• _Instructions to follow_:
For every line in the material below that holds "killer", report the line.

• _Data provided_:
(* The last clause is the increment of [mazur r] between [x] and [- y]. *)
Definition powR_mean_bound r q x y V := [/\ 0 <= V,
  V `^ q <= (x `^ q + y `^ q) / 2,
  `|x `^ r - y `^ r| <= r * `|x - y| * V `^ (r - 1) &
  x `^ r + y `^ r <= r * (x + y) * V `^ (r - 1)].

Lemma powR_mean_bound_le2 x y r q : 1 <= r -> r <= 2 -> r <= q ->
  0 <= x -> 0 <= y -> powR_mean_bound r q x y ((x + y) / 2).
Proof.
move=> r1 r2 rq x0 y0; have r0 : 0 < r by lra.
split.
- lra.
- by apply: powR_midpoint_le => //; lra.
- apply: (@dist_powR_le_sym (fun u v => ((u + v) / 2) `^ (r - 1))) => //.
    by move=> u v; rewrite addrC.
  by move=> u v v0 vu; apply: powR_sub_le_midpoint.
have xy0 : 0 <= x + y by lra.
apply: (le_trans (powR_add_le _ _ _ r1 x0 y0)).
rewrite -(mulr_powRB1 xy0 r0) (@powR_halfE (x + y) (r - 1) xy0) mulrA (mulrC r).
apply: ler_wpM2r; first exact: powR_ge0.
by apply: ler_wpM2l => //; exact: powR2_le.
Qed.

Lemma powR_mean_bound_ge2 x y r q : 2 <= r -> r <= q -> 0 <= x -> 0 <= y ->
  powR_mean_bound r q x y (((x `^ (r - 1) + y `^ (r - 1)) / 2) `^ (r - 1)^-1).
Proof.
move=> r2 rq x0 y0; have r0 : 0 < r by lra.
have s0 : 0 < r - 1 by lra.
set W := (x `^ (r - 1) + y `^ (r - 1)) / 2.
have VW : (W `^ (r - 1)^-1) `^ (r - 1) = W.
  by rewrite -powRrM mulVf ?gt_eqF // powRr1 // divr_ge0 // addr_ge0 ?powR_ge0.
split; rewrite ?VW.
- exact: powR_ge0.
- have k1 : 1 <= (r - 1)^-1 * q by rewrite ler_pdivlMl // mulr1; lra.
  rewrite -powRrM.
  apply: le_trans (powR_midpoint_le _ _ _ (powR_ge0 _ _) (powR_ge0 _ _) k1) _.
  by rewrite -!powRrM !mulrA mulfV ?gt_eqF // !mul1r.
- apply: (@dist_powR_le_sym (fun u v => (u `^ (r - 1) + v `^ (r - 1)) / 2)) => //.
    by move=> u v; rewrite addrC.
  move=> u v v0 vu; have := powR_sub_le_trapezoid _ _ _ r2 v0 vu; lra.
have hx : x `^ r <= (x + y) * x `^ (r - 1).
  rewrite -(mulr_powRB1 x0 r0); apply: ler_wpM2r; [exact: powR_ge0 | lra].
have hy : y `^ r <= (x + y) * y `^ (r - 1).
  rewrite -(mulr_powRB1 y0 r0); apply: ler_wpM2r; [exact: powR_ge0 | lra].
have W0 : 0 <= (x + y) * W by rewrite mulr_ge0 ?addr_ge0 // divr_ge0 ?addr_ge0 ?powR_ge0.
have r2' : 1 <= r / 2 by rewrite ler_pdivlMr //; lra.
have := @ler_peMl _ (r / 2) _ W0 r2'; rewrite /W; lra.
Qed.

Lemma exists_powR_mean_bound x y r q : 1 <= r -> r <= q -> 0 <= x -> 0 <= y ->
  exists V, powR_mean_bound r q x y V.
Proof.
move=> r1 rq x0 y0; have [r2|/ltW r2] := leP r 2.
  by eexists; exact: powR_mean_bound_le2.
by eexists; exact: powR_mean_bound_ge2.
Qed.

End PowerInequalities.

Section MazurMap.
Context {R : realType}.
Implicit Types a b r p q l : R.

Definition mazur r a := Num.sg a * `|a| `^ r.
(* Let $n=2^r$, $m\ge1$, and consider the variables $P_{i,j}$ ($i\in[m]$, $j\in[r]$) of the binary $\mathrm{PHP}^m_n$. Let $\mathcal R'$ be the random restriction which, for each pigeon $i$ independently, selects a bit position $j\in[r]$ uniformly at random and sets $P_{i,j}$ to $0$ or $1$ with probability $\frac12$ each. Then a term $T$ that mentions $n'$ pigeons does not evaluate to zero under $\mathcal R'$ (i.e. no literal of $T$ is set false) with probability at most $e^{-n'/(2\log_2 n)}$.
   Context: In the binary Pigeonhole Principle, $P_{i,j}$ is the $j$th bit of the binary representation of the hole of pigeon $i$. A term is a conjunction of literals over the variables $P_{i,j}$; it mentions pigeon $i$ if it contains a literal of some variable $P_{i,j}$. *)

From mathcomp Require Import all_boot all_order all_algebra.
From mathcomp Require Import all_classical all_reals.
From mathcomp Require Import sequences exp.
Set Implicit Arguments. Unset Strict Implicit. Unset Printing Implicit Defensive.

Definition bvar (m r : nat) := ('I_m * 'I_r)%type.

(* A literal ((i,j), s) asserts P_{i,j} = s  (s = true: positive literal,
   s = false: negated literal). A term is a (finite) set of literals,
   read as their conjunction. *)
Definition literal (m r : nat) := (bvar m r * bool)%type.
Definition term (m r : nat) := {set literal m r}.

(* An outcome of the random restriction R': for each pigeon i, the chosen
   bit position j_i and the value b_i assigned to P_{i,j_i}. *)
Definition restr (m r : nat) := {ffun 'I_m -> 'I_r * bool}.

Definition lit_false m r (rho : restr m r) (l : literal m r) : bool :=
  ((rho l.1.1).1 == l.1.2) && ((rho l.1.1).2 != l.2).

Definition term_zero m r (T : term m r) (rho : restr m r) : bool :=
  [exists l in T, lit_false rho l].

Definition mentions m r (T : term m r) (i : 'I_m) : bool :=
  [exists l in T, l.1.1 == i].

Definition npigeons m r (T : term m r) : nat := #|[set i | mentions T i]|.

(* Probability under R' (uniform over all outcomes, i.e. independent uniform
   choices of j_i and b_i for each pigeon) that T does not evaluate to zero. *)
Definition prob_not_zero (R : realType) m r (T : term m r) : R :=
  (#|[set rho : restr m r | ~~ term_zero T rho]|%:R /
   #|[set: restr m r]|%:R)%R.

(* The outcome of R' is a product over pigeons, and T survives iff, for every
   pigeon i, the pair (j_i, b_i) falsifies no literal of T on pigeon i.  So the
   survival probability is a product of per-pigeon factors, each at most 1, and
   at most 1 - 1/(2r) for a mentioned pigeon: that pigeon's literal ((i,j),s)
   is killed by the outcome (j, ~~ s).  Conclude with 1 - x <= e^(-x). *)

From mathcomp Require Import all_boot all_order all_algebra.
From mathcomp Require Import all_classical all_reals.
From mathcomp Require Import sequences exp.
Import GRing.Theory Num.Theory Order.TTheory.

Local Open Scope ring_scope.

Section ProductBound.
Variable R : realType.

Lemma ltn_ratio_le_expR (k K : nat) : (k < K)%N ->
  k%:R / K%:R <= expR (- K%:R^-1) :> R.
Proof.
move=> ltkK; have K0 : 0 < K%:R :> R by rewrite ltr0n (leq_trans _ ltkK).
rewrite ler_pdivrMr //; apply: le_trans (_ : (1 - K%:R^-1) * K%:R <= _).
  by rewrite mulrBl mul1r mulVf ?lt0r_neq0 // lerBrDr natr1 ler_nat.
by rewrite ler_pM2r // expR_ge1Dx.
Qed.

Lemma prod_ratio_le_expR (I : finType) (A : {pred I}) (f : I -> nat) (K : nat) :
  (0 < K)%N -> (forall i, f i <= K)%N -> (forall i, i \in A -> f i < K)%N ->
  \prod_(i : I) ((f i)%:R / K%:R) <= expR (- (#|A|%:R / K%:R)) :> R.
Proof.
move=> K0 fleK fltK.
apply: le_trans (_ : _ <= \prod_i (if i \in A then expR (- K%:R^-1) else 1)) _.
  apply: ler_prod => i _; rewrite divr_ge0 ?ler0n //=.
  case: ifPn => [/fltK|_]; first exact: ltn_ratio_le_expR.
  by rewrite ler_pdivrMr ?ltr0n // mul1r ler_nat.
by rewrite -big_mkcond prodr_const -expRM_natl mulrN.
Qed.

End ProductBound.

Section Survivors.
Variables (m r : nat) (T : term m r).

Definition survives_at (i : 'I_m) : pred ('I_r * bool) :=
  fun c => [forall l in T, (l.1.1 == i) ==> ~~ ((c.1 == l.1.2) && (c.2 != l.2))].

Lemma card_term_nonzero :
  #|[set rho : restr m r | ~~ term_zero T rho]| = (\prod_i #|survives_at i|)%N.
Proof.
transitivity #|family survives_at|; last by rewrite card_family foldrE big_map big_enum.
apply: eq_card => rho; rewrite inE; apply/idP/familyP.
- move=> alive i; apply/forall_inP => l lT; apply/implyP => /eqP li.
  by apply: contra alive => dead; apply/exists_inP; exists l; rewrite // /lit_false li.
- move=> alive; apply/exists_inP => -[l lT]; rewrite /lit_false => dead.
  by have /forall_inP /(_ l lT) := alive l.1.1; rewrite eqxx dead.
Qed.

Lemma card_survives_at_le i : (#|survives_at i| <= r * 2)%N.
Proof. by have := max_card (survives_at i); rewrite card_prod card_ord card_bool. Qed.

Lemma card_survives_at_lt i : mentions T i -> (#|survives_at i| < r * 2)%N.
Proof.
case/exists_inP => l lT /eqP li.
have killer : (l.1.2, ~~ l.2) \notin survives_at i.
  by apply/forall_inP => /(_ l lT); rewrite li eqxx /= eqxx; case: l.2.
apply: leq_trans (_ : #|predC1 (l.1.2, ~~ l.2)| < _)%N.
  rewrite ltnS; apply/subset_leq_card/fintype.subsetP => c alive; rewrite !inE.
  by apply: contraNneq killer => <-.
rewrite cardC1 card_prod card_ord card_bool prednK // muln_gt0 andbT.
exact: leq_ltn_trans (ltn_ord l.1.2).
Qed.

End Survivors.

Lemma ln_exp2n_div_ln2 (R : realType) (r : nat) : ln (2 ^ r)%N%:R / ln 2 = r%:R :> R.
Proof.
have ln2_gt0 : 0 < ln (2 : R) by rewrite ln_gt0 // ltr1n.
by rewrite natrX lnXn // -[ln 2 *+ r]mulr_natl mulfK // gt_eqF.
Qed.

Theorem lemma5 (R : realType) (n m r : nat) (hn : n = (2 ^ r)%N)
  (hm : (1 <= m)%N) (hr : (1 <= r)%N) (T : term m r) :
  (prob_not_zero R T <=
   expR (- ((npigeons T)%:R / (2 * (ln (n%:R : R) / ln (2 : R))))))%R.
Proof.
have -> : 2 * (ln n%:R / ln 2) = (r * 2)%N%:R :> R.
  by rewrite hn ln_exp2n_div_ln2 natrM mulrC.
rewrite /prob_not_zero card_term_nonzero cardsT card_ffun card_prod !card_ord.
rewrite card_bool natr_prod natrX -[m in _ ^+ m]card_ord -prodr_const.
rewrite -prodf_div; apply: prod_ratio_le_expR => [|i|i].
- by rewrite muln_gt0 hr.
- exact: card_survives_at_le.
- by rewrite inE; apply: card_survives_at_lt.
Qed.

• _Answer box_:
have killer : (l.1.2, ~~ l.2) \notin survives_at i.
  by apply: contraNneq killer => <-.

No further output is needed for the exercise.